Um das Schicksal von Snowden sollten sich das Rote Kreuz oder das UN-Flüchtlingshilfswerk UNHCR kümmern. "Sie könnten ihn legalisieren und dann in das Land bringen, das ihm Asyl anbietet." Dem per US-Haftbefehl gesuchten Computerspezialisten müsse allerdings aus "humanitären Gründen" Schutz gewährt werden, sagte Fedotow weiter. "In den USA droht ihm die Todesstrafe." Für Moskau ist es deshalb Fedotow zufolge keine Option, Snowden gegen in den USA inhaftierte Russen auszutauschen.
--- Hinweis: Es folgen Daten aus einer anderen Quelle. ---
(* Let $D$ be a directed graph and $(V(D),\mathcal C)$ its corresponding connectoid. Then the end space of $D$ is homeomorphic to the end space of $(V(D),\mathcal C)$.
   Context: A connectoid is given by a set $S$ and a set $\mathcal F$ of finite subsets of $S$ such that (i) $F\cup F'\in\mathcal F$ whenever $F,F'\in\mathcal F$ and $F\cap F'\neq\emptyset$, and (ii) $\emptyset\in\mathcal F$ and $\{s\}\in\mathcal F$ for every $s\in S$. A set $C\subseteq S$ is connected if for all $x,y\in C$ there is $F\in\mathcal F$ with $F\subseteq C$ and $x,y\in F$. For $S'\subseteq S$, $\mathcal K(S')$ is the set of maximal connected subsets (components) of $S'$. The corresponding connectoid of a directed graph $D$ has $S=V(D)$ and $\mathcal F$ the set of vertex sets of finite strongly connected subgraphs of $D$; its connected sets are exactly the vertex sets of strongly connected subgraphs of $D$. A necklace is a connected set $N$ for which there is a family $(H_n)_{n\in\mathbb N}$ of finite connected sets with $N=\bigcup_n H_n$ and $H_i\cap H_j\neq\emptyset$ iff $|i-j|\le 1$. For finite $X\subseteq S$, the $X$-tail of $N$ is the unique element of $\mathcal K(N\setminus X)$ containing all but finitely many elements of $N$. Two necklaces are equivalent if for every finite $X$ their $X$-tails lie in the same element of $\mathcal K(S\setminus X)$; ends of the connectoid are the equivalence classes; $K(X,\omega)$ is the element of $\mathcal K(S\setminus X)$ containing the $X$-tails of the necklaces of $\omega$; the end space has the topology generated by the sets $\{\omega:K(X,\omega)=K\}$ for finite $X$ and $K\in\mathcal K(S\setminus X)$. Ends of a directed graph $D$ (Bürger–Melcher): a directed ray is a ray with all edges oriented away from its first vertex. A directed ray $R$ is solid if for every finite $A\subseteq V(D)$ it has a tail in some strong component of $D-A$. Two solid rays are equivalent if for every finite $A\subseteq V(D)$ they have tails in the same strong component of $D-A$; the equivalence classes are the ends of $D$, and $K(A,\omega)$ is that strong component. The end space of $D$ carries the topology generated by the sets $\{\omega: K(A,\omega)=K\}$ for finite $A\subseteq V(D)$ and strong components $K$ of $D-A$. *)

From Stdlib Require Import List Relations Arith.
Import ListNotations.
(* For $\gamma\in(0,1)$ and $\varphi(x)=x^{1-\gamma}$, \[ \alpha_\varphi=\frac{1}{e\,\Gamma(\gamma)}\int_0^1\frac{e^x}{(-\log x)^{1-\gamma}}\,dx. \]
   Context: $\alpha_\varphi=\inf_{x\in\mathbb{Z}_{\ge1}}\frac{\mathbb{E}_{X\sim\mathrm{Pois}(x)}[\varphi(X)]}{\varphi(x)}$; $\Gamma$ is the Gamma function and $\log$ is the natural logarithm. *)

From Stdlib Require Import Reals.
From Coquelicot Require Import Coquelicot.
Open Scope R_scope.

(* phi(x) = x^(1-gamma), with phi(0) = 0 (Rpower is only meaningful for x > 0). *)
Definition phi (g x : R) : R := if Rle_dec x 0 then 0 else Rpower x (1 - g).

Definition pois_expect (x : R) (f : R -> R) : R :=
  Series (fun k : nat => exp (- x) * x ^ k / INR (Factorial.fact k) * f (INR k)).

Definition alpha (f : R -> R) : Rbar :=
  Glb_Rbar (fun r => exists n : nat, (1 <= n)%nat /\
                      r = pois_expect (INR n) f / f (INR n)).

Definition Gamma (s : R) : R :=
  RInt_gen (fun t => Rpower t (s - 1) * exp (- t)) (at_right 0) (Rbar_locally p_infty).

From Stdlib Require Import Reals Lra Lia Psatz Classical.
From Coquelicot Require Import Coquelicot.
Open Scope R_scope.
Über das von Snowden beantragte Bleiberecht in Russland werde Präsident Putin persönlich entscheiden, kündigte Fedotow an. Moskau halte Snowden trotz der "Show um den Asylantrag" für seriös und erkenne seine Verdienste an. "Er hat die Öffentlichkeit auf diesen abscheulichen Missbrauch aufmerksam gemacht und im Interesse der internationalen Zivilgesellschaft gehandelt."

Telefonat ohne Ergebnis

Die von den USA geforderte Auslieferung des früheren Geheimdienstmitarbeiters Snowden stößt in Russland weiterhin auf taube Ohren. US-Präsident Barack Obama konnte seinen russischen Kollegen Putin offenbar nicht dazu bewegen, Snowden auszuliefern. Nach einem Telefonat der beiden Staatsoberhäupter teilte das US-Präsidialamt in Washington am Freitagabend lediglich mit, man habe "eine Reihe von Sicherheits- und bilateralen Themen besprochen, darunter den Status von Herrn Edward Snowden".
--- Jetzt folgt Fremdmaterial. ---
(* Let $\mathbf{W}=\langle W;\to,\neg,{}^{+},{}^{-},1\rangle$ be a quasi-Wajsberg* algebra and $\mu$ the congruence on $\mathbf{W}$ defined by $\langle x,y\rangle\in\mu$ iff $x\le y$ and $y\le x$. Then the quotient $\mathbf{W}/\mu=\langle W/\mu;\to,\neg,1/\mu\rangle$ is a Wajsberg*-algebra.
   Context: A quasi-Wajsberg* algebra is an algebra $\langle W;\to,\neg,{}^{+},{}^{-},1\rangle$ of type $\langle2,1,1,1,0\rangle$ such that for all $x,y,z\in W$: (QW*1) $x\to y=\neg y\to\neg x$; (QW*2) $(x\to 1)\to((y\to 1)\to z)=(y\to 1)\to((x\to 1)\to z)$; (QW*3) $(1\to x)\to 1=1$; (QW*4) $(z\to z)\to(x\to y)=x\to y$; (QW*5) $(1\to 1)\to x^{+}=((1\to 1)\to x)^{+}=(x\to 1)\to 1$ and $(1\to 1)\to x^{-}=((1\to 1)\to x)^{-}=(x\to\neg 1)\to\neg 1$; (QW*6) $x\to y=(y^{+}\to x^{-})\to(x^{+}\to y^{-})$; (QW*7) $\neg(x\to y)=y\to x$; (QW*8) $\neg\neg x=x$; (QW*9) $(x\to(\neg x\to y))^{+}=x^{+}\to(\neg x^{+}\to y^{+})$; (QW*10) $x\vee y=y\vee x$; (QW*11) $x\vee(y\vee z)=(x\vee y)\vee z$; (QW*12) $x\to(y\vee z)=(x\to y)\vee(x\to z)$; where $x\vee y:=((x^{+}\to y^{+})^{+}\to(\neg x)^{-})\to((y^{-}\to x^{-})^{-}\to x^{-})$. Conventions: ${}^+,{}^-$ bind tighter than $\neg$, which binds tighter than $\to$. Put $0:=1\to 1$ and $x\le y$ iff $x\vee y=0\to y$. The quotient operations are $(x/\mu)\to(y/\mu)=(x\to y)/\mu$ and $\neg(x/\mu)=(\neg x)/\mu$. A Wajsberg*-algebra is an algebra $\langle M;\to,\neg,1\rangle$ of type $\langle2,1,0\rangle$ such that for all $x,y,z\in M$: (M1) $x\to y=\neg y\to\neg x$; (M2) $(x\to 1)\to((y\to 1)\to z)=(y\to 1)\to((x\to 1)\to z)$; (M3) $(1\to x)\to 1=1$; (M4) $(y\to y)\to x=x$; (M5) $x\to y=(y^{+}\to x^{-})\to(x^{+}\to y^{-})$; (M6) $\neg(x\to y)=y\to x$; (M7) $\neg\neg x=x$; (M8) $(x\to(\neg x\to y))^{+}=x^{+}\to(\neg x^{+}\to y^{+})$; (M9) $x\vee y=y\vee x$; (M10) $x\vee(y\vee z)=(x\vee y)\vee z$; (M11) $x\to(y\vee z)=(x\to y)\vee(x\to z)$; where $x^{+}:=(x\to 1)\to 1$, $x^{-}:=(x\to\neg 1)\to\neg 1$ and $x\vee y:=((x^{+}\to y^{+})^{+}\to(\neg x)^{-})\to((y^{-}\to x^{-})^{-}\to x^{-})$. *)

From Stdlib Require Import ClassicalEpsilon.
Set Implicit Arguments.

Section QW.
Variable W : Type.
Variables (imp : W -> W -> W) (neg : W -> W) (pl mi : W -> W) (one : W).

Definition qw_join (x y : W) : W :=
  imp (imp (pl (imp (pl x) (pl y))) (mi (neg x)))
      (imp (mi (imp (mi y) (mi x))) (mi x)).

Definition qw_zero : W := imp one one.

Definition qw_le (x y : W) : Prop := qw_join x y = imp qw_zero y.

Definition qw_mu (x y : W) : Prop := qw_le x y /\ qw_le y x.

Record quasi_wajsberg_star : Prop := {
  QW1 : forall x y, imp x y = imp (neg y) (neg x);
  QW2 : forall x y z, imp (imp x one) (imp (imp y one) z)
                     = imp (imp y one) (imp (imp x one) z);
  QW3 : forall x, imp (imp one x) one = one;
  QW4 : forall x y z, imp (imp z z) (imp x y) = imp x y;
  QW5a : forall x, imp (imp one one) (pl x) = pl (imp (imp one one) x);
  QW5b : forall x, pl (imp (imp one one) x) = imp (imp x one) one;
  QW5c : forall x, imp (imp one one) (mi x) = mi (imp (imp one one) x);
  QW5d : forall x, mi (imp (imp one one) x) = imp (imp x (neg one)) (neg one);
  QW6 : forall x y, imp x y = imp (imp (pl y) (mi x)) (imp (pl x) (mi y));
  QW7 : forall x y, neg (imp x y) = imp y x;
  QW8 : forall x, neg (neg x) = x;
  QW9 : forall x y, pl (imp x (imp (neg x) y))
                   = imp (pl x) (imp (neg (pl x)) (pl y));
  QW10 : forall x y, qw_join x y = qw_join y x;
  QW11 : forall x y z, qw_join x (qw_join y z) = qw_join (qw_join x y) z;
  QW12 : forall x y z, imp x (qw_join y z) = qw_join (imp x y) (imp x z)
}.

Definition mu_congruence : Prop :=
  (forall x, qw_mu x x) /\
  (forall x y, qw_mu x y -> qw_mu y x) /\
  (forall x y z, qw_mu x y -> qw_mu y z -> qw_mu x z) /\
  (forall x x' y y', qw_mu x x' -> qw_mu y y' -> qw_mu (imp x y) (imp x' y')) /\
  (forall x x', qw_mu x x' -> qw_mu (neg x) (neg x')).

Definition qclass (x : W) : W -> Prop := fun y => qw_mu x y.
Definition Wmu : Type := { A : W -> Prop | exists x, A = qclass x }.
Definition cls (x : W) : Wmu := exist _ (qclass x) (ex_intro _ x eq_refl).
Definition rep (A : Wmu) : W :=
  proj1_sig (constructive_indefinite_description _ (proj2_sig A)).
Definition qimp (A B : Wmu) : Wmu := cls (imp (rep A) (rep B)).
Definition qneg (A : Wmu) : Wmu := cls (neg (rep A)).
Definition qone : Wmu := cls one.
End QW.

Section WS.
Variable M : Type.
Variables (imp : M -> M -> M) (neg : M -> M) (one : M).
Definition ws_plus (x : M) : M := imp (imp x one) one.
Definition ws_minus (x : M) : M := imp (imp x (neg one)) (neg one).
Definition ws_join (x y : M) : M :=
  imp (imp (ws_plus (imp (ws_plus x) (ws_plus y))) (ws_minus (neg x)))
      (imp (ws_minus (imp (ws_minus y) (ws_minus x))) (ws_minus x)).

Record wajsberg_star : Prop := {
  M1 : forall x y, imp x y = imp (neg y) (neg x);
  M2 : forall x y z, imp (imp x one) (imp (imp y one) z)
                    = imp (imp y one) (imp (imp x one) z);
  M3 : forall x, imp (imp one x) one = one;
  M4 : forall x y, imp (imp y y) x = x;
  M5 : forall x y, imp x y
        = imp (imp (ws_plus y) (ws_minus x)) (imp (ws_plus x) (ws_minus y));
  M6 : forall x y, neg (imp x y) = imp y x;
  M7 : forall x, neg (neg x) = x;
  M8 : forall x y, ws_plus (imp x (imp (neg x) y))
        = imp (ws_plus x) (imp (neg (ws_plus x)) (ws_plus y));
  M9 : forall x y, ws_join x y = ws_join y x;
  M10 : forall x y z, ws_join x (ws_join y z) = ws_join (ws_join x y) z;
  M11 : forall x y z, imp x (ws_join y z) = ws_join (imp x y) (imp x z)
}.
End WS.

(** The term [0 := 1 -> 1] acts as a left unit up to normalisation: [0 -> (x -> y) = x -> y]
    by axiom QW*4, and from this one derives [x v x = 0 -> x], hence [0 -> x] can be erased on
    either side of an implication.  Consequently [x <= y /\ y <= x] holds exactly when
    [0 -> x = 0 -> y], i.e. [mu] is the kernel of [x |-> 0 -> x], which respects [->] and
    [~].  Every Wajsberg* axiom of [W/mu] other than (M4) is the image of the corresponding
    QW* identity, and (M4) holds because [(y -> y) -> x = 0 -> x] is [mu]-equivalent
    to [x]. *)

From Pilot Require Import Defs.
From Stdlib Require Import ClassicalEpsilon FunctionalExtensionality PropExtensionality ProofIrrelevance.

Section QuasiWajsbergStar.

Variables (W : Type) (imp : W -> W -> W) (neg : W -> W) (pl mi : W -> W) (one : W).
Hypothesis qw : quasi_wajsberg_star imp neg pl mi one.

Local Notation zero := (imp one one).
Local Notation join := (qw_join imp neg pl mi).
Local Notation mu := (qw_mu imp neg pl mi one).

Lemma zero_imp_imp x y : imp zero (imp x y) = imp x y.
Proof. apply (QW4 qw). Qed.

Lemma neg_zero : neg zero = zero.
Proof. apply (QW7 qw). Qed.

Lemma imp_self u : imp u u = zero.
Proof.
  rewrite <- (zero_imp_imp u u), (QW1 qw zero (imp u u)), (QW7 qw), neg_zero.
  apply (QW4 qw).
Qed.

Lemma neg_one : neg one = imp one zero.
Proof. rewrite <- (QW3 qw one) at 1; apply (QW7 qw). Qed.

Lemma pl_zero : pl zero = zero.
Proof. rewrite <- (imp_self zero) at 1; rewrite (QW5b qw), (QW3 qw one); reflexivity. Qed.

Lemma mi_zero : mi zero = zero.
Proof.
  rewrite <- (imp_self zero) at 1.
  rewrite (QW5d qw), neg_one, zero_imp_imp; apply imp_self.
Qed.

(* Both sides reduce to [1 -> (x -> 1)]. *)
Lemma zero_imp_mi_neg x : imp zero (mi (neg x)) = imp (pl x) zero.
Proof.
  rewrite (QW5c qw), (QW5d qw), <- (QW1 qw one x).
  rewrite <- (QW7 qw zero (pl x)), (QW5a qw), (QW5b qw).
  rewrite (QW1 qw (imp one x) (neg one)), (QW8 qw), !(QW7 qw).
  reflexivity.
Qed.

Lemma join_diag x : join x x = imp zero x.
Proof.
  unfold qw_join; rewrite (imp_self (pl x)), (imp_self (mi x)), pl_zero, mi_zero.
  rewrite (QW6 qw zero x), mi_zero, pl_zero, zero_imp_mi_neg.
  reflexivity.
Qed.

Lemma imp_zero_imp a y : imp a (imp zero y) = imp a y.
Proof. rewrite <- join_diag, (QW12 qw), join_diag; apply zero_imp_imp. Qed.

Lemma imp_zero u : imp u zero = imp zero (neg u).
Proof. rewrite (QW1 qw u zero), neg_zero; reflexivity. Qed.

Lemma zero_imp_imp_l u v : imp (imp zero u) v = imp u v.
Proof.
  rewrite (QW1 qw (imp zero u) v), (QW7 qw), imp_zero, imp_zero_imp.
  symmetry; apply (QW1 qw).
Qed.

Lemma zero_imp_neg x : imp zero (neg x) = imp (imp zero x) zero.
Proof. rewrite <- imp_zero, zero_imp_imp_l; reflexivity. Qed.

Lemma join_zero_imp x y : join (imp zero x) (imp zero y) = join x y.
Proof. rewrite <- (QW12 qw); apply zero_imp_imp. Qed.

Lemma qw_muE x y : mu x y <-> imp zero x = imp zero y.
Proof.
  unfold qw_mu, qw_le, qw_zero; split.
  - intros [le_xy le_yx]; rewrite (QW10 qw) in le_yx; congruence.
  - intros e; split.
    + rewrite <- join_zero_imp, e, join_zero_imp, join_diag; reflexivity.
    + rewrite <- join_zero_imp, <- e, join_zero_imp, join_diag; reflexivity.
Qed.

Lemma mu_is_congruence : mu_congruence imp neg pl mi one.
Proof.
  unfold mu_congruence; split; [| split; [| split; [| split]]]; intros;
    repeat rewrite qw_muE in *.
  - reflexivity.
  - congruence.
  - congruence.
  - rewrite !zero_imp_imp, <- (zero_imp_imp_l x), <- imp_zero_imp, H, H0.
    rewrite imp_zero_imp, zero_imp_imp_l; reflexivity.
  - rewrite !zero_imp_neg; congruence.
Qed.

Local Notation Wmu := (Wmu imp neg pl mi one).
Local Notation cl := (@cls W imp neg pl mi one).
Local Notation rep := (@rep W imp neg pl mi one).
Local Notation qimp := (@qimp W imp neg pl mi one).
Local Notation qneg := (@qneg W imp neg pl mi one).
Local Notation qone := (@qone W imp neg pl mi one).

Lemma cls_eq x y : imp zero x = imp zero y -> cl x = cl y.
Proof.
  intros e; unfold cls; apply eq_sig_hprop; [intros; apply proof_irrelevance |].
  apply functional_extensionality; intros w; apply propositional_extensionality.
  unfold qclass; split; intros h; apply qw_muE; apply qw_muE in h; congruence.
Qed.

Lemma cls_surj (A : Wmu) : exists x, A = cl x.
Proof.
  destruct A as [P [x ->]]; exists x.
  apply eq_sig_hprop; [intros; apply proof_irrelevance | reflexivity].
Qed.

Lemma zero_imp_rep x : imp zero (rep (cl x)) = imp zero x.
Proof.
  unfold Defs.rep; destruct (constructive_indefinite_description _ _) as [x' e]; simpl in *.
  assert (refl_x' : qclass imp neg pl mi one x' x') by (apply qw_muE; reflexivity).
  rewrite <- e in refl_x'; symmetry; apply qw_muE; exact refl_x'.
Qed.

Lemma qimp_cls x y : qimp (cl x) (cl y) = cl (imp x y).
Proof.
  apply cls_eq; rewrite !zero_imp_imp.
  rewrite <- zero_imp_imp_l, <- imp_zero_imp, !zero_imp_rep.
  rewrite imp_zero_imp, zero_imp_imp_l; reflexivity.
Qed.

Lemma qneg_cls x : qneg (cl x) = cl (neg x).
Proof. apply cls_eq; rewrite !zero_imp_neg, zero_imp_rep; reflexivity. Qed.

Lemma qone_cls : qone = cl one.
Proof. reflexivity. Qed.

Lemma ws_plus_cls x : ws_plus qimp qone (cl x) = cl (pl x).
Proof.
  unfold ws_plus; rewrite qone_cls, !qimp_cls; apply cls_eq.
  rewrite zero_imp_imp, (QW5a qw), (QW5b qw); reflexivity.
Qed.

Lemma ws_minus_cls x : ws_minus qimp qneg qone (cl x) = cl (mi x).
Proof.
  unfold ws_minus; rewrite qone_cls, qneg_cls, !qimp_cls; apply cls_eq.
  rewrite zero_imp_imp, (QW5c qw), (QW5d qw); reflexivity.
Qed.

Ltac push_cls :=
  repeat first [ rewrite ws_plus_cls | rewrite ws_minus_cls | rewrite qimp_cls
               | rewrite qneg_cls | rewrite qone_cls ].

Lemma ws_join_cls x y : ws_join qimp qneg qone (cl x) (cl y) = cl (join x y).
Proof. unfold ws_join; push_cls; reflexivity. Qed.

Ltac by_classes :=
  intros;
  repeat match goal with
         | A : Wmu |- _ => let x := fresh "x" in destruct (cls_surj A) as [x ->]
         end;
  repeat rewrite ws_join_cls; push_cls; repeat rewrite ws_join_cls.

Lemma quotient_wajsberg_star : wajsberg_star qimp qneg qone.
Proof.
  constructor; by_classes.
  - f_equal; apply (QW1 qw).
  - f_equal; apply (QW2 qw).
  - f_equal; apply (QW3 qw).
  - apply cls_eq; rewrite zero_imp_imp, imp_self; reflexivity.
  - f_equal; apply (QW6 qw).
  - f_equal; apply (QW7 qw).
  - f_equal; apply (QW8 qw).
  - f_equal; apply (QW9 qw).
  - f_equal; apply (QW10 qw).
  - f_equal; apply (QW11 qw).
  - f_equal; apply (QW12 qw).
Qed.

End QuasiWajsbergStar.

Theorem proposition4p3 (W : Type) (imp : W -> W -> W) (neg : W -> W)
  (pl mi : W -> W) (one : W) :
  quasi_wajsberg_star imp neg pl mi one ->
  mu_congruence imp neg pl mi one /\
  wajsberg_star (@qimp W imp neg pl mi one) (@qneg W imp neg pl mi one)
                (@qone W imp neg pl mi one).
Proof.
  intros qw; split.
  - apply mu_is_congruence; exact qw.
  - apply quotient_wajsberg_star; exact qw.
Qed.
Zuvor hatte Snowden verkündet, nun doch vorübergehend Asyl in Russland beantragen zu wollen. Der von den USA wegen der Enthüllung geheimer Überwachungsprogramme per Haftbefehl gesuchte 30-Jährige sagte bei einem Treffen mit Bürgerrechtsaktivisten in Moskau, er wolle in Russland bleiben, bis er nach Lateinamerika ausreisen könne.